I started by finding the edge cases for $x$ where $f(x,y)=0 \Leftrightarrow x = y$ and $f(x,y)=1 \Leftrightarrow x = \dfrac{1}{y}+y$. I end up with $y \leq x \leq \dfrac{1}{y}+y$.
I just do not know how to formulate the answer because I know that $f^{-1}([0,1])$ generates a set or an interval.
This question is related to another assignment where I have to prove (or disprove) its surjection.

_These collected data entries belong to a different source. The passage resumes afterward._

Lemma matchable_split Xs Ys X1 Y1 :
  matchable X1 (Ys :&: Y1) -> matchable (Xs :\: X1) (Ys :\: Y1) -> matchable Xs Ys.
Proof.
move=> [f1 f1P f1I] [f2 f2P f2I].
have f1Y1 x : x \in X1 -> f1 x \in Y1 by move/f1P; rewrite inE => /andP[/andP[]].
have f2Y1 x : x \in Xs -> x \notin X1 -> f2 x \notin Y1.
  by move=> xXs xX1; have := f2P x; rewrite !inE xX1 xXs => /(_ isT) /andP[/andP[]].
exists (fun x => if x \in X1 then f1 x else f2 x) => [x xXs | x y xXs yXs].
  case: ifP => xX1.
    by have := f1P x xX1; rewrite inE => /andP[/andP[-> _] ->].
  by have := f2P x; rewrite !inE xX1 xXs => /(_ isT) /andP[/andP[_ ->] ->].
case: ifP => xX1; case: ifP => yX1 fxy.
- exact: f1I.
- by have /negP[] := f2Y1 y yXs (negbT yX1); rewrite -fxy f1Y1.
- by have /negP[] := f2Y1 x xXs (negbT xX1); rewrite fxy f1Y1.
- by apply: f2I; rewrite // inE ?xX1 ?yX1.
Qed.

Lemma hall_condition_tight Xs Ys (S : {set X}) : hall_condition Xs Ys -> S \subset Xs ->
  #|neighbours S :&: Ys| <= #|S| ->
  hall_condition S (Ys :&: neighbours S) /\ hall_condition (Xs :\: S) (Ys :\: neighbours S).
Proof.
move=> hallXY sSXs tightS; split=> [S' sS'S | T sTD].
  rewrite [Ys :&: _]setIC setIA (setIidPl (neighboursS sS'S)).
  exact: hallXY (subset_trans sS'S sSXs).
have sTXs : T \subset Xs := subset_trans sTD (subsetDl _ _).
have dTS : [disjoint T & S].
  by rewrite disjoints_subset (subset_trans sTD) // setDE subsetIr.
have := hallXY (T :|: S); rewrite subUset sTXs sSXs => /(_ isT).
rewrite (cardsU T S) (disjoint_setI0 dTS) cards0 subn0 neighboursU.
have sN : (neighbours T :|: neighbours S) :&: Ys \subset
    (neighbours T :&: (Ys :\: neighbours S)) :|: (neighbours S :&: Ys).
  apply/subsetP=> y; rewrite !(in_setI, in_setU, in_setD).
  by case: (y \in neighbours S); case: (y \in neighbours T); case: (y \in Ys).
have := leq_trans (subset_leq_card sN) (leq_card_setU _ _).1.
lia.
Qed.

Lemma hall_condition_slack (Xs : {set X}) (Ys : {set Y}) x0 y1 :
  (forall S : {set X}, S \subset Xs -> S != set0 -> S != Xs ->
     #|S| < #|neighbours S :&: Ys|) ->
  x0 \in Xs -> hall_condition (Xs :\ x0) (Ys :\ y1).
Proof.
move=> slack x0Xs T sTD; have [->|T0] := eqVneq T set0; first by rewrite cards0.
have sTXs : T \subset Xs := subset_trans sTD (subsetDl _ _).
have TXs : T != Xs.
  by apply: contraTneq x0Xs => <-; apply/negP => /(subsetP sTD); rewrite !inE eqxx.
have sN : neighbours T :&: Ys \subset (neighbours T :&: (Ys :\ y1)) :|: [set y1].
  apply/subsetP=> y; rewrite !(in_setI, in_setU, in_setD1, in_set1).
  by case: (y == y1); case: (y \in neighbours T); case: (y \in Ys).
have := leq_trans (subset_leq_card sN) (leq_card_setU _ _).1.
have := slack T sTXs T0 TXs.
rewrite cards1; lia.
Qed.

(* Either some nonempty proper subset S of Xs is tight, and S and its complement
   are matched separately, or every such set has a surplus and x0 may take any
   of its neighbours. *)
Lemma hall_in (Xs : {set X}) (Ys : {set Y}) : hall_condition Xs Ys -> matchable Xs Ys.
Proof.
have [n] := ubnP #|Xs|; elim: n Xs Ys => // n IH Xs Ys ltXn hallXY.
have [->|[x0 x0Xs]] := set_0Vmem Xs; first exact: matchable0.
case: (boolP [exists S : {set X}, [&& S \subset Xs, S != set0, S != Xs &
                                   #|neighbours S :&: Ys| <= #|S|]]).
  case/existsP=> S /and4P[sSXs S0 SXs tightS].
  have [hallS hallD] := hall_condition_tight hallXY sSXs tightS.
  have ltSXs : #|S| < #|Xs| by rewrite proper_card // properEneq SXs.
  have ltDXs : #|Xs :\: S| < #|Xs|.
    by rewrite cardsD (setIidPr sSXs); move: ltSXs S0; rewrite -card_gt0; lia.
  by apply: (matchable_split (X1 := S) (Y1 := neighbours S)); apply: IH => //; lia.
move/existsPn=> noTight.
have slack (S : {set X}) : S \subset Xs -> S != set0 -> S != Xs ->
    #|S| < #|neighbours S :&: Ys|.
  by move=> sSXs S0 SXs; have := noTight S; rewrite sSXs S0 SXs ltnNge.
have /card_gt0P[y1 y1N] : 0 < #|neighbours [set x0] :&: Ys|.
  by apply: leq_trans (hallXY _ _); rewrite ?cards1 ?sub1set.
apply: (matchable_split (X1 := [set x0]) (Y1 := [set y1])).
  exists (fun=> y1) => [x|x y]; last by rewrite !inE => /eqP-> /eqP->.
  move: y1N; rewrite !inE => /andP[/existsP[x' /andP[]]].
  by rewrite inE => /eqP-> rx0y1 y1Ys /eqP->; rewrite y1Ys eqxx rx0y1.
apply: IH (hall_condition_slack y1 slack x0Xs).
by move: ltXn; rewrite [#|Xs|](cardsD1 x0) x0Xs.
Qed.

Lemma hall : (forall S : {set X}, #|S| <= #|neighbours S|) ->
  exists2 f : X -> Y, forall x, r x (f x) & injective f.
Proof.
move=> hallX; have [|f fP fI] := @hall_in setT setT.
  by move=> S _; rewrite setIT.
exists f => [x | x y]; last exact: fI.
by have /andP[] := fP x (in_setT x).
Qed.
End Hall.

Section Regular.
Variables (T K : finType).

Definition regular (F : T -> K) (d : nat) (E : {set T}) :=
  forall k, #|[set x in E | F x == k]| = d.

Lemma card_regular F d E (S : {set K}) :
  regular F d E -> #|[set x in E | F x \in S]| = #|S| * d.
Proof.
move=> regE; rewrite -sum_nat_const -sum1_card (partition_big F (mem S)) => [|x]; last first.
  by rewrite inE => /andP[].
apply: eq_bigr => k kS; rewrite -(regE k) -sum1_card; apply: eq_bigl => x.
by rewrite !inE; case: eqP => [->|]; rewrite ?(kS : k \in S) ?andbT ?andbF.
Qed.

Lemma regular1_inj F M : regular F 1 M -> {in M &, injective F}.
Proof.
move=> regM x y xM yM Fxy; have /eqP/cards1P[z Fz] := regM (F x).
have zP w : w \in M -> F w = F x -> w = z.
  by move=> wM Fw; apply/set1P; rewrite -Fz inE wM Fw eqxx.
by rewrite (zP x xM) // (zP y yM).
Qed.

Lemma regularD F d (E M : {set T}) : M \subset E -> regular F d.+1 E -> regular F 1 M ->
  regular F d (E :\: M).
Proof.
move=> sME regE regM k.
rewrite (_ : [set x in E :\: M | F x == k] =
             [set x in E | F x == k] :\: [set x in M | F x == k]).
  rewrite cardsD (setIidPr _) ?regE ?regM ?subn1 //.
  by apply/subsetP=> x; rewrite !inE => /andP[xM ->]; rewrite (subsetP sME).
by apply/setP=> x; rewrite !inE; case: (x \in M); case: (x \in E); case: (F x == k).
Qed.

Lemma regular1_imset F (g : K -> T) : injective (F \o g) -> regular F 1 (g @: setT).
Proof.
move=> Fg_inj k; have g_inj : injective g := inj_compr Fg_inj.
rewrite (_ : [set x in g @: setT | F x == k] = g @: ((F \o g) @^-1: [set k])).
  by rewrite card_imset // card_preimset // cards1.
apply/setP=> x; rewrite !inE; apply/andP/imsetP => [[/imsetP[k' _ ->] Fk]|[k' + ->]].
  by exists k'; rewrite // !inE.
by rewrite !inE => Fk; rewrite imset_f.
Qed.

Lemma regular_comp_perm F d (s : {perm T}) : regular F d setT -> regular (F \o s) d setT.
Proof.
move=> regT k; rewrite -(regT k) -[RHS](card_preimset _ (@perm_inj _ s)).
by apply: eq_card => x; rewrite !inE.
Qed.

(* The edges E of a bipartite multigraph on K + K, with endpoint maps L and R. *)
Variables (L R : T -> K).

Lemma regular_matching d E : 0 < d -> regular L d E -> regular R d E ->
  exists2 M : {set T}, M \subset E & regular L 1 M /\ regular R 1 M.
Proof.
move=> d_gt0 regL regR.
have [k0 _|K0] := pickP (@predT K); last first.
  by exists set0; [exact: sub0set | split=> k; have := K0 k].
pose adj k k' := [exists x in E, (L x == k) && (R x == k')].
have [f adjf f_inj] : exists2 f : K -> K, forall k, adj k (f k) & injective f.
  apply: hall k0 _ => S; rewrite -(leq_pmul2r d_gt0) -(card_regular _ regL).
  rewrite -(card_regular _ regR); apply: subset_leq_card; apply/subsetP=> x.
  rewrite !inE => /andP[xE LxS]; rewrite xE; apply/existsP; exists (L x).
  by rewrite LxS; apply/existsP; exists x; rewrite xE !eqxx.
pose g k := xchoose (existsP (adjf k)).
have gP k : [/\ g k \in E, L (g k) = k & R (g k) = f k].
  by have /andP[-> /andP[/eqP-> /eqP->]] := xchooseP (existsP (adjf k)).
exists (g @: setT); first by apply/subsetP=> x /imsetP[k _ ->]; have [] := gP k.
split; apply: regular1_imset => k k' /=.
  by have [_ -> _] := gP k; have [_ -> _] := gP k'.
by have [_ _ ->] := gP k; have [_ _ ->] := gP k'; apply: f_inj.
Qed.

Lemma regular_coloring d E : regular L d E -> regular R d E ->
  exists c : T -> nat, [/\ {in E, forall x, c x < d},
    {in E &, forall x y, L x = L y -> c x = c y -> x = y} &
    {in E &, forall x y, R x = R y -> c x = c y -> x = y}].
Proof.
elim: d E => [|d IH] E regL regR.
  have E0 x : x \in E = false.
    apply/negP=> xE; have := regL (L x).
    by apply/eqP; rewrite -lt0n card_gt0; apply/set0Pn; exists x; rewrite inE xE eqxx.
  by exists (fun=> 0); split=> x; rewrite E0.
have [M sME [regML regMR]] := regular_matching (ltn0Sn d) regL regR.
have [c [c_lt cL cR]] := IH _ (regularD sME regL regML) (regularD sME regR regMR).
have c_ltE x : x \in E -> x \notin M -> c x < d by move=> xE xM; rewrite c_lt // inE xM.
pose c' x := if x \in M then d else c x.
have c'_inj F : regular F 1 M ->
    {in E :\: M &, forall x y, F x = F y -> c x = c y -> x = y} ->
    {in E &, forall x y, F x = F y -> c' x = c' y -> x = y}.
  move=> regFM cF x y xE yE Fxy; rewrite /c'; case: ifP => xM; case: ifP => yM.
  - by move=> _; apply: (regular1_inj regFM).
  - by move=> dc; have := c_ltE y yE; rewrite yM -dc ltnn => /(_ isT).
  - by move=> cd; have := c_ltE x xE; rewrite xM cd ltnn => /(_ isT).
  - by apply: cF; rewrite // inE ?xM ?yM.
exists c'; split; [|exact: c'_inj regML cL|exact: c'_inj regMR cR].
by move=> x xE; rewrite /c'; case: ifP => xM; rewrite ltnS ?leqnn // ltnW ?c_ltE ?xM.
Qed.
End Regular.

Section Clos.
Variables (T A B Z : finType) (a : T -> A) (b : T -> B) (z : T -> Z).
Variable mk : A -> B -> Z -> T.
Hypotheses (mkK : forall x, mk (a x) (b x) (z x) = x)
  (mk_a : forall p q w, a (mk p q w) = p) (mk_b : forall p q w, b (mk p q w) = q)
  (mk_z : forall p q w, z (mk p q w) = w).

Lemma regular_coords : regular (fun x => (b x, z x)) #|A| setT.
Proof.
case=> q w; rewrite -[RHS](card_imset _ (can_inj (fun p => mk_a p q w))).
apply: eq_card => x; rewrite !inE; apply/eqP/imsetP => [[<- <-]|[p _ ->]].
  by exists (a x); rewrite ?mkK.
by rewrite mk_b mk_z.
Qed.

Lemma mk_inj (col : T -> A) (q : T -> B) (w : T -> Z) :
  (forall x y, (q x, w x) = (q y, w y) -> col x = col y -> x = y) ->
  injective (fun x => mk (col x) (q x) (w x)).
Proof.
move=> colI x y mkxy; have := congr1 a mkxy; have := congr1 b mkxy; have := congr1 z mkxy.
by rewrite !mk_a !mk_b !mk_z => wxy qxy; apply: colI; rewrite qxy wxy.
Qed.

(* The edges x : T, from the (b, z)-line of x to that of pi x, form an
   #|A|-regular multigraph; the colour of x in a proper #|A|-edge-colouring is
   the A-coordinate that x takes in the middle stage. *)
Lemma clos_factorization (pi : {perm T}) : (forall x, z (pi x) = z x) ->
  exists t1 rho t2 : {perm T}, [/\ pi = (t1 * rho * t2)%g,
    forall x, (b (t1 x), z (t1 x)) = (b x, z x),
    forall x, (a (rho x), z (rho x)) = (a x, z x) &
    forall x, (b (t2 x), z (t2 x)) = (b x, z x)].
Proof.
move=> piz.
have [c [c_lt cL cR]] :=
  regular_coloring regular_coords (regular_comp_perm pi regular_coords).
pose col x : A := enum_val (Ordinal (c_lt x (in_setT x))).
have colI (F : T -> B * Z) : {in setT &, forall x y, F x = F y -> c x = c y -> x = y} ->
    forall x y, F x = F y -> col x = col y -> x = y.
  by move=> cF x y Fxy /enum_val_inj [cxy]; apply: cF.
pose t1 := perm (mk_inj (colI _ cL)).
pose h := perm (mk_inj (q := b \o pi) (w := z \o pi) (colI _ cR)).
exists t1, (t1^-1 * h)%g, (h^-1 * pi)%g; split.
- by apply/permP=> x; rewrite !permM !permK.
- by move=> x; rewrite permE /= mk_b mk_z.
- move=> x; rewrite -(permKV t1 x); move: {x}(t1^-1 x)%g => x.
  by rewrite permM permK !permE /= !mk_a !mk_z piz.
- move=> x; rewrite -(permKV h x); move: {x}(h^-1 x)%g => x.
  by rewrite permM permK !permE /= !mk_b !mk_z.
Qed.
End Clos.

Section Shuffles.
Variables m1 m2 m3 : nat.
Local Notation cell := (cell m1 m2 m3).

Lemma apply_shufflesE (A : {perm cell}) ss :
  apply_shuffles A ss = (A * \prod_(s <- ss) s)%g.
Proof.
elim: ss A => [|s ss IH] A; first by rewrite big_nil mulg1.
by rewrite big_cons mulgA; apply: IH.
Qed.

Definition prod_of_shuffles n (g : {perm cell}) := exists ss : seq {perm cell},
  [/\ forall s, s \in ss -> is_shuffle s, size ss <= n & (\prod_(s <- ss) s)%g = g].

Lemma prod_of_shufflesM n1 n2 g1 g2 :
  prod_of_shuffles n1 g1 -> prod_of_shuffles n2 g2 -> prod_of_shuffles (n1 + n2) (g1 * g2).
Proof.
move=> [ss1 [ss1P size1 <-]] [ss2 [ss2P size2 <-]]; exists (ss1 ++ ss2); split.
- by move=> s; rewrite mem_cat => /orP[/ss1P|/ss2P].
- by rewrite size_cat leq_add.
- by rewrite big_cat.
Qed.

Section LineKey.
Variables (K : finType) (k : cell -> K) (d : 'I_3).
Hypothesis k_line : forall x y, k x = k y -> on_line d x y.
Variable t : {perm cell}.
Hypothesis tk : forall x, k (t x) = k x.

We factor $f$ as $f(x,y)=(x-y)y$. Clearly if $y=0$, then $x$ can be anything. Pick $y\neq0$. Then $(x-y)$ must be between $0$ and $\frac{1}{y}$, so $x$ is between $y$ and $y+\frac{1}{y}$. We write this simply as $$f^{-1}([0,1])=\{(x,y)\in \mathbb{R}^2:0<y\leq x\leq y +\frac{1}{y}\}\cup \{(x,y)\in \mathbb{R}^2:0>y\geq x\geq y +\frac{1}{y}\}\cup\mathbb{R}\times\{0\}$$